◆ WORK TASK ◆
Copy out exactly the stretch of the listing below that begins at the line containing "by rewrite in_itv /= ?b0 ?y0." and ends at the line containing "have [alive Wle] := surv t.+1 (leqnn _).", and copy nothing outside it.

◆ GIVEN DATA ◆
Lemma uniform_prob_lt (R : realType) (b : R) : 0 < b < 1 ->
  uniform_prob (@ltr01 R) `]-oo, b[%classic = b%:E.
Proof.
move=> /andP[b0 b1].
rewrite /uniform_prob integral_uniform_pdf.
have -> : `]-oo, b[%classic `&` `[0, 1]%classic = `[0, b[%classic :> set R.
  apply/seteqP; split => x /=; rewrite !in_itv /=.
    by move=> [xb /andP[x0 _]]; rewrite x0 xb.
  by move=> /andP[x0 xb]; split => //; rewrite x0 /= (ltW (lt_trans xb b1)).
rewrite (eq_integral (fun _ => 1%:E)); last first.
  move=> x; rewrite inE /= in_itv /= => /andP[x0 xb].
  by rewrite /uniform_pdf x0 (ltW (lt_trans xb b1)) subr0 invr1.
rewrite integral_cst //= mul1e lebesgue_measure_itv /= lte_fin b0 -EFinD.
by rewrite oppr0 addr0.
Qed.

Lemma le0_of_le_expr (R : realType) (x r : R) : 0 <= r < 1 ->
  (forall t, x <= r ^+ t) -> x <= 0.
Proof.
move=> /andP[r0 r1] xr.
apply: (cvgr_to_ge (cvg_expr (z := r) _)); first by rewrite ger0_norm.
by apply: nearW.
Qed.

Section bounded_survival.
Context {R : realType} {d : measure_display} {T : measurableType d}.
Variables (P : probability T R) (mu : probability R R) (beta f : R) (m : model)
  (U : nat -> nat -> T -> R) (B Y : nat -> nat -> nat -> T -> R).
Hypotheses (beta01 : 0 < beta < 1)
  (mu_tail_gt0 : forall x : R, 0 < x -> (0 < mu `]x, +oo[%classic)%E)
  (prim_law : model_primitives P mu U B Y).

Local Notation I := ((nat * nat) + (nat * nat * nat) + (nat * nat * nat))%type.
Local Notation X := (prim U B Y).

Lemma prim_indep : mutually_independent P X.
Proof. by case: prim_law. Qed.

(* The primitive variables used up to the offspring numbers of generation t:
   these determine generations 0..t and W_0, ..., W_t. *)
Definition past (t : nat) : pred I := fun j =>
  match j with
  | inl (inl (s, _)) => (s <= t)%N
  | inl (inr (s, _, _)) | inr (s, _, _) => (s < t)%N
  end.

Local Notation Past t := (g_sigma_algebraType (cylinders X (past t))).

Lemma measurable_past_prim t j : past t j -> measurable_fun setT (X j : Past t -> R).
Proof.
move=> tj _ A mA; rewrite setTI; apply: sub_gen_smallest.
exists [:: j], (fun _ => A); split => //=; first by rewrite tj.
by rewrite cylinder_cons cylinder_nil setIT.
Qed.

Lemma measurable_until_past t s : (s <= t)%N ->
  measurable_until (U : nat -> nat -> Past t -> R) B Y s.
Proof.
move=> st; split => [s' i lt|s' i k lt].
  apply: (measurable_past_prim (j := inl (inl (s', i)))).
  exact: leq_trans (ltnW lt) st.
split; first apply: (measurable_past_prim (j := inl (inr (s', i, k)))).
  exact: leq_trans lt st.
apply: (measurable_past_prim (j := inr (s', i, k))); exact: leq_trans lt st.
Qed.

Variable K : R.
Hypothesis K_gt0 : 0 < K.

Definition bounded_survival (t : nat) : set T := [set w | forall s, (s <= t)%N ->
  popsize U B Y m beta f w s <> 0%N /\ W U B Y m beta f w s <= K].

Definition first_parent (t j : nat) : set T := bounded_survival t `&` [set w |
  [/\ (j < popsize U B Y m beta f w t)%N,
      (0 < noff U w t j (nth 0%R (gen U B Y m beta f w t) j))%N &
      forall i, (i < j)%N -> noff U w t i (nth 0%R (gen U B Y m beta f w t) i) = 0%N]].

Definition big_mutant_base : I -> set R := fun i =>
  match i with
  | inl (inr _) => `]-oo, beta[%classic
  | inr _ => `]K, +oo[%classic
  | _ => setT
  end.

(* The first offspring of individual j of generation t is a mutant of
   fitness > K (if it exists). *)
Definition big_mutant (t j : nat) : set T :=
  cylinder X [:: inl (inr (t, j, 0%N)); inr (t, j, 0%N)] big_mutant_base.

Lemma measurable_big_mutant_base i : measurable (big_mutant_base i).
Proof. by case: i => [[]|] * /=. Qed.

Lemma bounded_survival_past t : <<s cylinders X (past t) >> (bounded_survival t).
Proof.
change (@measurable _ (Past t) (bounded_survival t)).
have -> : bounded_survival t = \bigcap_s (if (s <= t)%N then
    [set w | popsize U B Y m beta f w s <> 0%N] `&` [set w | W U B Y m beta f w s <= K]
    else setT).
  apply/seteqP; split => w /=.
    by move=> h s _; case: ifP => // st; exact: h.
  by move=> h s st; have := h s Logic.I; rewrite st.
apply: bigcapT_measurable => s; case: ifP => st //.
have [mgen _] : measurable_seqfun (fun w : Past t => gen U B Y m beta f w s).
  exact/measurable_seqfun_gen/measurable_until_past.
apply: measurableI; first exact: (measurable_natfun_preimage (fun n => n <> 0%N) mgen).
have mW : measurable_fun setT (fun w : Past t => W U B Y m beta f w s).
  exact/measurable_W/measurable_until_past.
exact: measurable_predfun_le mW (measurable_cst K).
Qed.

Lemma first_parent_past t j : <<s cylinders X (past t) >> (first_parent t j).
Proof.
change (@measurable _ (Past t) (first_parent t j)).
have [mgen mnth] : measurable_seqfun (fun w : Past t => gen U B Y m beta f w t).
  exact/measurable_seqfun_gen/measurable_until_past.
have mnoff i : measurable_natfun
    (fun w : Past t => noff U w t i (nth 0%R (gen U B Y m beta f w t) i)).
  apply: measurable_natfun_noff (mnth i).
  exact: (measurable_past_prim (j := inl (inl (t, i))) (leqnn t)).
apply: measurableI; first exact: bounded_survival_past.
have -> : [set w | [/\ (j < popsize U B Y m beta f w t)%N,
      (0 < noff U w t j (nth 0%R (gen U B Y m beta f w t) j))%N &
      forall i, (i < j)%N -> noff U w t i (nth 0%R (gen U B Y m beta f w t) i) = 0%N]] =
    [set w | (j < popsize U B Y m beta f w t)%N] `&`
    [set w | (0 < noff U w t j (nth 0%R (gen U B Y m beta f w t) j))%N] `&`
    \bigcap_i (if (i < j)%N then
      [set w | noff U w t i (nth 0%R (gen U B Y m beta f w t) i) = 0%N] else setT).
  apply/seteqP; split => w /=.
    by move=> [h1 h2 h3]; split; [split|move=> i _; case: ifP => // ij; exact: h3].
  by move=> [[h1 h2] h3]; split => // i ij; have := h3 i Logic.I; rewrite ij.
apply: measurableI; first apply: measurableI.
- exact: (measurable_predfun_natfun (fun n => j < n)%N mgen).
- exact: (measurable_predfun_natfun (fun n => 0 < n)%N (mnoff j)).
- by apply: bigcapT_measurable => i; case: ifP => // _; exact: mnoff.
Qed.

Lemma big_mutantE t j w : big_mutant t j w <-> B t j 0%N w < beta /\ K < Y t j 0%N w.
Proof.
rewrite /big_mutant; split.
  move/in_cylinder => h; split.
    by have := h (inl (inr (t, j, 0%N))); rewrite inE eqxx /= in_itv /=; apply.
  by have := h (inr (t, j, 0%N)); rewrite !inE eqxx orbT /= in_itv /= andbT; apply.
move=> [b0 y0]; apply/in_cylinder => i; rewrite !inE => /orP[]/eqP-> /=;
  by rewrite in_itv /= ?b0 ?y0.
Qed.

Lemma bounded_survival_succ_sub t :
  bounded_survival t.+1 `<=` \bigcup_j (first_parent t j `\` big_mutant t j).
Proof.
move=> w surv.
have surv_t : bounded_survival t w by move=> s st; apply: surv; exact: leqW.
have [alive Wle] := surv t.+1 (leqnn _).
have ex : exists j, (j < size (gen U B Y m beta f w t))%N &&
    (0 < noff U w t j (nth 0%R (gen U B Y m beta f w t) j))%N.
  apply: contra_notP alive => noparent.
  rewrite /popsize /= step_eq_nil // => j js; apply/eqP; rewrite -leqn0 leqNgt.
  by apply/negP => np; apply: noparent; exists j; rewrite js np.
case: (ex_minnP ex) => j /andP[js nj] jmin.
exists j => //; split.
  split => //; split => // i ij; apply/eqP; rewrite -leqn0 leqNgt; apply/negP => ni.
  by have := jmin i; rewrite (ltn_trans ij js) ni => /(_ isT); rewrite leqNgt ij.
move/big_mutantE => [b0 y0].
have := maxs_ub (mem_all_mutants Y js nj b0).
by move: Wle => /= /[swap] /(lt_le_trans y0); rewrite leNgt => ->.
Qed.

Lemma trivIset_first_parent t : trivIset setT (first_parent t).
Proof.
apply: ltn_trivIset => n k kn; apply/seteqP; split => // w.
by move=> [[_ [_ nk _]] [_ [_ _ /(_ k kn) nk0]]]; rewrite nk0 in nk.
Qed.

Definition big_mutant_prob := beta * fine (mu `]K, +oo[%classic).

Lemma probability_big_mutant t j : P (big_mutant t j) = big_mutant_prob%:E.
Proof.
case: prim_law => _ [_ [PB PY]].
rewrite /big_mutant (probability_cylinder prim_indep) //; last first.
  exact: measurable_big_mutant_base.
rewrite big_cons big_cons big_nil mule1 /=.
rewrite PB ?PY; [|exact: measurable_itv..].
rewrite uniform_prob_lt // /big_mutant_prob EFinM fineK //.
by rewrite fin_num_measure //; exact: measurable_itv.
Qed.

Lemma big_mutant_prob_gt0 : 0 < big_mutant_prob.
Proof.
case/andP: beta01 => beta0 _; rewrite /big_mutant_prob mulr_gt0 // -lte_fin fineK.
  exact: mu_tail_gt0.
by rewrite fin_num_measure //; exact: measurable_itv.
Qed.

◆ SOLUTION TO THE PROBLEM ◆
  by rewrite in_itv /= ?b0 ?y0.
Qed.

Lemma bounded_survival_succ_sub t :
  bounded_survival t.+1 `<=` \bigcup_j (first_parent t j `\` big_mutant t j).
Proof.
move=> w surv.
have surv_t : bounded_survival t w by move=> s st; apply: surv; exact: leqW.
have [alive Wle] := surv t.+1 (leqnn _).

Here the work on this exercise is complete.